Born in 1946 in Denmark, Clement has shot over 20 photobooks over the years, and has shown his work in spaces such as the Bibliothek Nationale, Paris, and the Museum of Modern Art, New York. He taught himself how to make photographs, and his most famous photobook, Drum, was shot over a single night in a small, rural pub in Ireland with a Leica and three rolls of film. Following a single protagonist, it’s dark in both senses of the word, and suggests a sense of loneliness and isolation.
Clement made it in 1991 while on a on a three-month residency at the Tyrone Gurhie Centre Annaghmakerrig, Co. Monaghan, Ireland; now, 25 years on, another series of images from the same residency has emerged. As the name suggests, Dublin moves away from the countryside and into the Irish capital but, shot from the careful vantage point of a pub stool and into the streets, it suggests a similar sense of solitude.

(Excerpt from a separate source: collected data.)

(* Let $n\geq 1$ and let $I$ be a nonempty subset of $[n]$. Then $PC^-_I=\bigcap_{i\in I}PC^-_{\{i\}}$ and $NC^-_I=\bigcap_{i\in I}NC^-_{\{i\}}$.
   Context: Boolean functions on $n$ variables are maps $f:\{0,1\}^n\to\{0,1\}$, variables indexed by $[n]=\{0,\dots,n-1\}$. For a nonempty $I\subseteq[n]$, $f$ is positively canalizing on $I$ if there is a function $\sigma:I\to\{0,1\}$ such that for all $x\in\{0,1\}^n$, if there exists $i\in I$ with $x_i\neq\sigma(i)$ then $f(x)=1$; negatively canalizing on $I$ is defined the same way with $f(x)=0$ in place of $f(x)=1$. $PC^-_I$ (resp. $NC^-_I$) is the set of nonconstant Boolean functions on $n$ variables that are positively (resp. negatively) canalizing on $I$. *)

From mathcomp Require Import all_boot.
Set Implicit Arguments. Unset Strict Implicit. Unset Printing Implicit Defensive.

Definition boolfun (n : nat) := {ffun 'I_n -> bool} -> bool.

Definition nonconstant n (f : boolfun n) : Prop := exists x y, f x <> f y.

(* f is canalizing on I with output b: there is sigma : I -> {0,1}
   (represented as a function on 'I_n, only its values on I matter) such that
   whenever some i in I has x_i <> sigma i, f x = b. *)
Definition canalizing_on n (I : {set 'I_n}) (b : bool) (f : boolfun n) : Prop :=
  exists sigma : 'I_n -> bool,
    forall x : {ffun 'I_n -> bool},
      (exists2 i, i \in I & x i <> sigma i) -> f x = b.

Definition pos_canalizing_on n (I : {set 'I_n}) f := canalizing_on I true f.
Definition neg_canalizing_on n (I : {set 'I_n}) f := canalizing_on I false f.

Definition PCm n (I : {set 'I_n}) (f : boolfun n) : Prop :=
  nonconstant f /\ pos_canalizing_on I f.
Definition NCm n (I : {set 'I_n}) (f : boolfun n) : Prop :=
  nonconstant f /\ neg_canalizing_on I f.

(* If f is nonconstant, some input y has f y <> b.  Any sigma witnessing
   canalization of f on {i} with output b must then agree with y at i, since
   otherwise f y = b.  Hence y itself is a witness for every {i} at once, and
   so for all of I. *)

From mathcomp Require Import all_boot.

Section Canalizing.

Variables (n : nat) (b : bool) (f : boolfun n).

Lemma nonconstant_exists_neq : nonconstant f -> exists y, f y <> b.
Proof.
case=> x [z fxz]; case: (eqVneq (f x) b) => [fxb | /eqP]; last by exists x.
by exists z; rewrite -fxb => fzx; apply: fxz.
Qed.

Lemma canalizing_onS (I J : {set 'I_n}) :
  J \subset I -> canalizing_on I b f -> canalizing_on J b f.
Proof.
move=> /subsetP sJI [sigma canal]; exists sigma => x [i iJ xi].
by apply: canal; exists i; first exact: sJI.
Qed.

Lemma canalizing_on_set1_at (y : {ffun 'I_n -> bool}) (i : 'I_n) :
  f y <> b -> canalizing_on [set i] b f ->
  forall x : {ffun 'I_n -> bool}, x i <> y i -> f x = b.
Proof.
move=> fyb [sigma canal] x xyi.
have yi : y i = sigma i.
  case: (eqVneq (y i) (sigma i)) => // /eqP yi; case: fyb; apply: canal.
  by exists i; rewrite ?set11.
by apply: canal; exists i; rewrite ?set11 -?yi.
Qed.

Lemma canalizing_on_of_set1 (I : {set 'I_n}) (y : {ffun 'I_n -> bool}) :
  f y <> b -> (forall i, i \in I -> canalizing_on [set i] b f) ->
  canalizing_on I b f.
Proof.
move=> fyb canal1; exists y => x [i iI xyi].
exact: canalizing_on_set1_at fyb (canal1 i iI) x xyi.
Qed.

Lemma nonconstant_canalizing_onE (I : {set 'I_n}) : I != set0 ->
  (nonconstant f /\ canalizing_on I b f) <->
  (forall i, i \in I -> nonconstant f /\ canalizing_on [set i] b f).
Proof.
case/set0Pn=> i0 i0I; split.
  move=> [nc canal] i iI; split => //.
  by apply: canalizing_onS canal; rewrite sub1set.
move=> canal1; have [nc _] := canal1 i0 i0I; split => //.
have [y fyb] := nonconstant_exists_neq nc.
by apply: canalizing_on_of_set1 fyb _ => i /canal1 [].
Qed.

End Canalizing.

Theorem mainTheorem5 (n : nat) (I : {set 'I_n}) :
  1 <= n -> I != set0 ->
  (forall f : boolfun n, PCm I f <-> (forall i, i \in I -> PCm [set i] f)) /\
  (forall f : boolfun n, NCm I f <-> (forall i, i \in I -> NCm [set i] f)).
Proof.
by move=> _ I0; split=> f; apply: nonconstant_canalizing_onE.
Qed.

Dublin, 1991 © Krass Clement courtesy RRB PhotoBooks
Clement prefers not to elaborate on these themes though, hoping each sequence can create its own narrative, and keen to let individuals draw their own meanings. “I am not a documentary photographer nor social anthropologist,” he says. “I just do what I do and hope that the work speaks for itself. Maybe these days it is necessary to have a whole philosophy of how things are done and why, but that is of very little interest to me – a very distinct advantage of being old.”
Venturing through the photographs, through the dreamlike streetscapes of monochrome Dublin, the viewer doesn’t so much accompany the flaneur photographer as assume his role; the people he depicts, and their destinations, remain entirely unknown. It’s a difficult but engaging read, which is perhaps what makes Dublin, and all of Krass’s work, so enticing. For Krass, it’s just nice to see the images go on display back in Ireland, alongside the classic shots from Drum.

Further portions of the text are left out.